Especialistas afirmam que os preços dos iPhones no Brasil não devem aumentar a curto prazo, pois a Apple já considera a diferença cambial em sua precificação. Além disso, a empresa pode transferir parte da produção para países como Vietnã e Índia, onde as tarifas são menores. No entanto, a nova tarifa pode causar uma crise econômica global, afetando o Brasil, que depende muito da China e dos EUA. A carga tributária brasileira, que representa cerca de 52% do preço final do iPhone, também contribui para os altos custos no país.

O presidente dos Estados Unidos, Donald Trump, anunciou um aumento da tarifa sobre importações chinesas para 125%, a partir de nove de agosto. Essa medida deve impactar diretamente o preço do iPhone nos EUA, uma vez que a Apple fabrica cerca de 90% de seus smartphones na China. Com o aumento dos custos de produção, a empresa pode repassar parte desse valor ao consumidor, tornando o iPhone mais caro do que no Brasil.

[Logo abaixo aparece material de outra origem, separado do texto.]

Lemma card_not_common_nbh : c < #|X| + #|Y| ->
  #|T| + #|X| <= 2 * c + #|Y| + #|~: (X :|: Y) :\: common_nbh X|.
Proof.
move=> XY_gt; rewrite -/R -/P; have X_le := card_clique_le cX.
have [Y0 Y0Y cardY0] := exists_subset_card (ltac:(lia) : c.+1 - #|X| <= #|Y|).
have dXY0 : [disjoint X & Y0] := disjointWr Y0Y dXY.
have LXY : X :|: Y0 \subset X :|: Y by rewrite setUS.
have cardL : #|X :|: Y0| = c.+1 by rewrite cardsU (disjoint_setI0 dXY0) cards0; lia.
have dLR : [disjoint X :|: Y0 & R] by rewrite disjoints_subset setCK.
have link_e : subrel link e by move=> u w /andP[].
have [S SL defS] := deficient_of_cm_lt dLR link_e
  (sub_in2 (subsetP LXY) link_connected) (ltac:(lia)).
have [SX0 | [x]] := set_0Vmem (S :&: X); last first.
  rewrite inE => /andP[xS xX]; have := card_le_from_X xS xX.
  by have := subset_leq_card SL; lia.
have SY0 : S \subset Y0.
  apply/subsetP => u uS; have := subsetP SL u uS; rewrite inE => /orP[uX|//].
  have : u \in S :&: X by rewrite inE uS uX.
  by rewrite SX0 inE.
have /card_gt0P[y yS] : 0 < #|S| by apply: leq_ltn_trans defS.
have := card_le_from_Y yS (subsetP Y0Y y (subsetP SY0 y yS)).
have := subset_leq_card SY0; lia.
Qed.

End AnticompleteCliques.
(* Let $k$ be an algebraically closed field, $A$ a finite dimensional $k$-algebra, $P_0,P_1\in\operatorname{proj}A$, and let $G=\operatorname{Aut}_A(P_0)\times\operatorname{Aut}_A(P_1)$ act on $\operatorname{Hom}_A(P_1,P_0)$ by $(a,b)f=afb^{-1}$. If $f,g\in\operatorname{Hom}_A(P_1,P_0)$ and $g$ lies in the Zariski closure of $Gf$, then $\mathcal{T}_f\subseteq\mathcal{T}_g$, $\mathcal{F}_f\subseteq\mathcal{F}_g$, $\overline{\mathcal{T}}_f\supseteq\overline{\mathcal{T}}_g$, $\overline{\mathcal{F}}_f\supseteq\overline{\mathcal{F}}_g$ and $\mathcal{W}_f\supseteq\mathcal{W}_g$.
   Context: For a morphism $f\colon P_1\to P_0$ in $\operatorname{proj}A$, let $\nu=D\operatorname{Hom}_A(-,A)$, $C_f=\operatorname{Cok}f$, $K_{\nu f}=\operatorname{Ker}\nu f$. $\mathcal{T}_f$ is the smallest torsion class of $\operatorname{mod}A$ containing $C_f$; $\overline{\mathcal{T}}_f=\{X\mid\operatorname{Hom}_A(X,K_{\nu f})=0\}$; $\mathcal{F}_f$ is the smallest torsion-free class containing $K_{\nu f}$; $\overline{\mathcal{F}}_f=\{X\mid\operatorname{Hom}_A(C_f,X)=0\}$; $\mathcal{W}_f=\overline{\mathcal{T}}_f\cap\overline{\mathcal{F}}_f$. *)

From HB Require Import structures.
From mathcomp Require Import all_boot all_order all_algebra all_field.
From mathcomp Require Import mpoly.

Set Implicit Arguments.
Unset Strict Implicit.
Unset Printing Implicit Defensive.

Import GRing.Theory.
Local Open Scope ring_scope.

Section ModDefs.
Variables (k : fieldType) (A : falgType k).

Record fmod := FMod {
  fcar :> vectType k;
  fact : fcar -> A -> fcar;
  fact_linl : forall a c x y, fact (c *: x + y) a = c *: fact x a + fact y a;
  fact_linr : forall x c a b, fact x (c *: a + b) = c *: fact x a + fact x b;
  fact1 : forall x, fact x 1 = x;
  factM : forall x a b, fact x (a * b) = fact (fact x a) b }.

Definition is_hom (X Y : fmod) (h : X -> Y) : Prop :=
  (forall c x y, h (c *: x + y) = c *: h x + h y) /\
  (forall x a, h (fact x a) = fact (h x) a).

Definition surj (X Y : Type) (h : X -> Y) : Prop := forall y, exists x, h x = y.

Definition hom_zero (X Y : fmod) : Prop :=
  forall h : X -> Y, is_hom h -> forall x, h x = 0.

Definition short_exact (X Y Z : fmod) (i : X -> Y) (p : Y -> Z) : Prop :=
  [/\ is_hom i, is_hom p, injective i, surj p &
      forall y, p y = 0 <-> exists x, i x = y].

Definition ext_closed (T : fmod -> Prop) : Prop :=
  forall (X Y Z : fmod) (i : X -> Y) (p : Y -> Z),
    short_exact i p -> T X -> T Z -> T Y.

Definition torsion_class (T : fmod -> Prop) : Prop :=
  (forall (X Y : fmod) (h : X -> Y), T X -> is_hom h -> surj h -> T Y) /\
  ext_closed T.

Definition torsionfree_class (F : fmod -> Prop) : Prop :=
  (forall (X Y : fmod) (h : Y -> X), F X -> is_hom h -> injective h -> F Y) /\
  ext_closed F.

Definition projective (P : fmod) : Prop :=
  forall (X Y : fmod) (p : X -> Y) (h : P -> Y),
    is_hom p -> surj p -> is_hom h ->
    exists h' : P -> X, is_hom h' /\ forall x, p (h' x) = h x.

Definition is_aut (P : fmod) (a a' : P -> P) : Prop :=
  [/\ is_hom a, is_hom a', cancel a a' & cancel a' a].

Definition aut_orbit (P0 P1 : fmod) (f : P1 -> P0) (h : P1 -> P0) : Prop :=
  exists (a a' : P0 -> P0) (b b' : P1 -> P1),
    [/\ is_aut a a', is_aut b b' & forall x, h x = a (f (b' x))].

Definition hom_mx (X Y : fmod) (h : X -> Y) :
    'M[k]_(\dim {:X}, \dim {:Y}) :=
  \matrix_(i, j) coord (vbasis {:Y}) j (h (tnth (vbasis {:X}) i)).

Definition hom_coords (X Y : fmod) (h : X -> Y) :
    'I_(\dim {:X} * \dim {:Y}) -> k :=
  fun i => mxvec (hom_mx h) 0 i.

Definition zariski_closure (X Y : fmod) (S : (X -> Y) -> Prop) (g : X -> Y) : Prop :=
  forall p : {mpoly k[\dim {:X} * \dim {:Y}]},
    (forall h, S h -> p.@[hom_coords h] = 0) -> p.@[hom_coords g] = 0.

Definition is_cok (P0 P1 : fmod) (f : P1 -> P0) (C : fmod) : Prop :=
  exists pi : P0 -> C,
    [/\ is_hom pi, surj pi & forall y, pi y = 0 <-> exists x, f x = y].

Definition homA (P : fmod) (phi : P -> A) : Prop :=
  (forall c x y, phi (c *: x + y) = c *: phi x + phi y) /\
  (forall x a, phi (fact x a) = phi x * a).

(* N together with pair is (isomorphic to) nu P = D Hom_A(P, A):
   n |-> pair n - is an isomorphism of right A-modules from N onto the
   k-dual of the left A-module Hom_A(P,A), where (a.phi)(x) = a * phi x
   and (xi.a)(phi) = xi(a.phi). *)
Definition nakayama_dual (P N : fmod) (pair : N -> (P -> A) -> k) : Prop :=
  [/\ (forall c n m phi, homA phi -> pair (c *: n + m) phi = c * pair n phi + pair m phi),
      (forall n c phi psi, homA phi -> homA psi ->
          pair n (fun x => c *: phi x + psi x) = c * pair n phi + pair n psi),
      (forall n a phi, homA phi -> pair (fact n a) phi = pair n (fun x => a * phi x)),
      (forall n, (forall phi, homA phi -> pair n phi = 0) -> n = 0) &
      (forall xi : (P -> A) -> k,
          (forall c phi psi, homA phi -> homA psi ->
             xi (fun x => c *: phi x + psi x) = c * xi phi + xi psi) ->
          exists n, forall phi, homA phi -> pair n phi = xi phi)].

(* K is (isomorphic to) Ker (nu f), where nu f : nu P1 -> nu P0 = D Hom_A(P0,A)
   is D Hom_A(f, A), i.e. (nu f)(n) = (phi |-> pair n (phi o f)). *)
Definition is_Knu (P0 P1 : fmod) (f : P1 -> P0) (K : fmod) : Prop :=
  exists (N : fmod) (pair : N -> (P1 -> A) -> k) (iota : K -> N),
    [/\ nakayama_dual pair, is_hom iota, injective iota &
        forall n, (exists x, iota x = n) <->
          (forall phi : P0 -> A, homA phi -> pair n (fun x => phi (f x)) = 0)].

Definition Tf (P0 P1 : fmod) (f : P1 -> P0) (X : fmod) : Prop :=
  forall T, torsion_class T -> (forall C, is_cok f C -> T C) -> T X.

Definition Ff (P0 P1 : fmod) (f : P1 -> P0) (X : fmod) : Prop :=
  forall F, torsionfree_class F -> (forall K, is_Knu f K -> F K) -> F X.

Definition Tbarf (P0 P1 : fmod) (f : P1 -> P0) (X : fmod) : Prop :=
  forall K, is_Knu f K -> hom_zero X K.

Definition Fbarf (P0 P1 : fmod) (f : P1 -> P0) (X : fmod) : Prop :=
  forall C, is_cok f C -> hom_zero C X.

Definition Wf (P0 P1 : fmod) (f : P1 -> P0) (X : fmod) : Prop :=
  Tbarf f X /\ Fbarf f X.

End ModDefs.

From HB Require Import structures.
From mathcomp Require Import all_boot all_order all_algebra all_field.
From mathcomp Require Import mpoly.
From Stdlib Require Import ClassicalEpsilon FunctionalExtensionality.

Set Implicit Arguments.
Unset Strict Implicit.
Unset Printing Implicit Defensive.

Import GRing.Theory.
Local Open Scope ring_scope.

(* Fix an A-module X.  Hom_A(C_h, X) = 0 says that u |-> u o h is injective on
   Hom_A(P0, X), and Hom_A(X, K_{nu h}) = 0 says that u |-> (nu h) o u is
   injective on Hom_A(X, nu P1).  Both maps depend linearly on h, so on the
   coordinates of h injectivity is the non-vanishing of some maximal minor: an
   open condition.  It is also constant along the orbit G f, so if it holds at a
   point g of the closure of G f it holds at f.  This gives the inclusions for
   overline F, overline T and hence W.
   For T: a torsion class T containing C_g contains the largest submodule M of
   C_f lying in T, and Hom_A(Y, C_f / M) = 0 for all Y in T.  So C_f / M lies in
   overline F_g, which is contained in overline F_f; hence the projection
   C_f -> C_f / M vanishes and C_f = M is in T.  The case of F is dual. *)

Definition linear_of (k : fieldType) (U V : lmodType k) (f : U -> V)
    (fL : linear f) : {linear U -> V} :=
  HB.pack f (GRing.isLinear.Build k U V *:%R f fL).

Definition lfun_of (k : fieldType) (U V : vectType k) (f : U -> V)
    (fL : linear f) : 'Hom(U, V) :=
  linfun (linear_of fL).

Lemma lfun_ofE (k : fieldType) (U V : vectType k) (f : U -> V) (fL : linear f) :
  lfun_of fL =1 f.
Proof. exact: lfunE. Qed.

Definition scalar_of (k : fieldType) (U : lmodType k) (f : U -> k)
    (fL : scalar f) : {scalar U} :=
  HB.pack f (GRing.isLinear.Build k U k *%R f fL).

Lemma scalar_sum (k : fieldType) (U : lmodType k) (f : U -> k) : scalar f ->
  forall I r (P : pred I) (c : I -> k) (F : I -> U),
  f (\sum_(i <- r | P i) c i *: F i) = \sum_(i <- r | P i) c i * f (F i).
Proof.
move=> fL I r P c F; have /= -> := linear_sum (scalar_of fL).
by apply: eq_bigr => i _; apply: (scalarZ (scalar_of fL)).
Qed.

Section ExtremalDim.
Variables (k : fieldType) (V : vectType k) (P : {vspace V} -> Prop).

Let has_dim (d : nat) : bool :=
  if excluded_middle_informative (exists2 U, P U & \dim U = d) then true else false.

Let has_dimP (d : nat) : reflect (exists2 U, P U & \dim U = d) (has_dim d).
Proof. by rewrite /has_dim; case: excluded_middle_informative => H; constructor. Qed.

Lemma ex_max_dim U0 : P U0 ->
  exists2 U, P U & forall U', P U' -> (\dim U' <= \dim U)%N.
Proof.
move=> PU0; have exd : exists d, has_dim d by exists (\dim U0); apply/has_dimP; exists U0.
have ubd d : has_dim d -> (d <= \dim {:V})%N.
  by move=> /has_dimP[U _ <-]; apply/dimvS/subvf.
have [d /has_dimP[U PU <-] maxd] := ex_maxnP exd ubd.
by exists U => // U' PU'; apply/maxd/has_dimP; exists U'.
Qed.

Lemma ex_min_dim U0 : P U0 ->
  exists2 U, P U & forall U', P U' -> (\dim U <= \dim U')%N.
Proof.
move=> PU0; have exd : exists d, has_dim d by exists (\dim U0); apply/has_dimP; exists U0.
have [d /has_dimP[U PU <-] mind] := ex_minnP exd.
by exists U => // U' PU'; apply/mind/has_dimP; exists U'.
Qed.
End ExtremalDim.

Section VspaceOfPred.
Variables (k : fieldType) (V : vectType k) (P : V -> Prop).
Hypotheses (P0 : P 0) (PL : forall c x y, P x -> P y -> P (c *: x + y)).

Lemma exists_vspace_of_pred : exists U : {vspace V}, forall v, v \in U <-> P v.
Proof.
have P0sub v : v \in (0 : {vspace V})%VS -> P v by rewrite memv0 => /eqP ->.
have [U sUP maxU] := @ex_max_dim _ _ (fun U => forall v, v \in U -> P v) _ P0sub.
exists U => v; split=> [|Pv]; first exact: sUP.
apply/contraT => vNU.
have /maxU : forall w, w \in (U + <[v]>)%VS -> P w.
  move=> _ /memv_addP[u uU [_ /vlineP[c ->] ->]].
  by rewrite addrC; apply: PL => //; apply: sUP.
rewrite leqNgt (ltn_leqif (dimv_leqif_eq (addvSl U <[v]>))).
rewrite negbK => /eqP UE; move: vNU; rewrite UE.
by rewrite (subvP (addvSr U _) _ (memv_line v)).
Qed.

Definition vspace_of_pred : {vspace V} :=
  proj1_sig (constructive_indefinite_description _ exists_vspace_of_pred).

Lemma mem_vspace_of_pred v : v \in vspace_of_pred <-> P v.
Proof.
exact: (proj2_sig (constructive_indefinite_description _ exists_vspace_of_pred)).
Qed.
End VspaceOfPred.

Section ZariskiRowFree.
Variables (k : fieldType) (n d m : nat) (L : 'rV[k]_n -> 'M[k]_(d, m)).
Hypothesis L_linear : linear L.

Lemma linear_mx_meval :
  exists Mp : 'M[{mpoly k[n]}]_(d, m),
    forall u : 'rV_n, map_mx (meval (fun i => u 0 i)) Mp = L u.
Proof.
exists (\matrix_(r, t) \sum_i L (delta_mx 0 i) r t *: 'X_i) => u.
apply/matrixP => r t; rewrite !mxE raddf_sum [in RHS](row_sum_delta u).
have /= -> := linear_sum (linear_of L_linear); rewrite summxE.
apply: eq_bigr => i _; have /= -> := linearZ_LR (linear_of L_linear).
by rewrite mevalZ mevalXU mxE mulrC.
Qed.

Atualmente, o modelo básico do iPhone 16 custa US$ 799 nos EUA, mas com a nova tarifa, o preço pode subir para cerca de US$ 1.637,95, equivalente a aproximadamente R$ 9.565,60. O modelo Plus, que custa US$ 899, pode chegar a US$ 1.842,95, ou cerca de R$ 10.762,80. Isso mudaria drasticamente a diferença de preços entre os dois países, tornando menos vantajosa a compra do aparelho por brasileiros em viagens ao exterior.

A professora de economia da Pontifícia Universidade Católica de São Paulo, Cristina Helena Pinto de Mello, afirmou que os preços dos iPhones no Brasil não devem aumentar a curto prazo. Ela explicou que a Apple já considera a diferença cambial em sua precificação. Além disso, a empresa pode buscar alternativas, como transferir a produção para países como Vietnã e Índia, que enfrentam tarifas menores.

O professor Paulo Vicente, da Fundação Dom Cabral, alertou que a nova tarifa pode desencadear uma crise econômica global, afetando diretamente o Brasil. Ele destacou que a dependência mútua entre os EUA e a China pode levar a um efeito dominó, resultando em aumento de preços e inflação. A carga tributária brasileira, que representa cerca de 52% do valor final do iPhone, também contribui para os altos preços no país, dificultando a competitividade em relação ao mercado americano.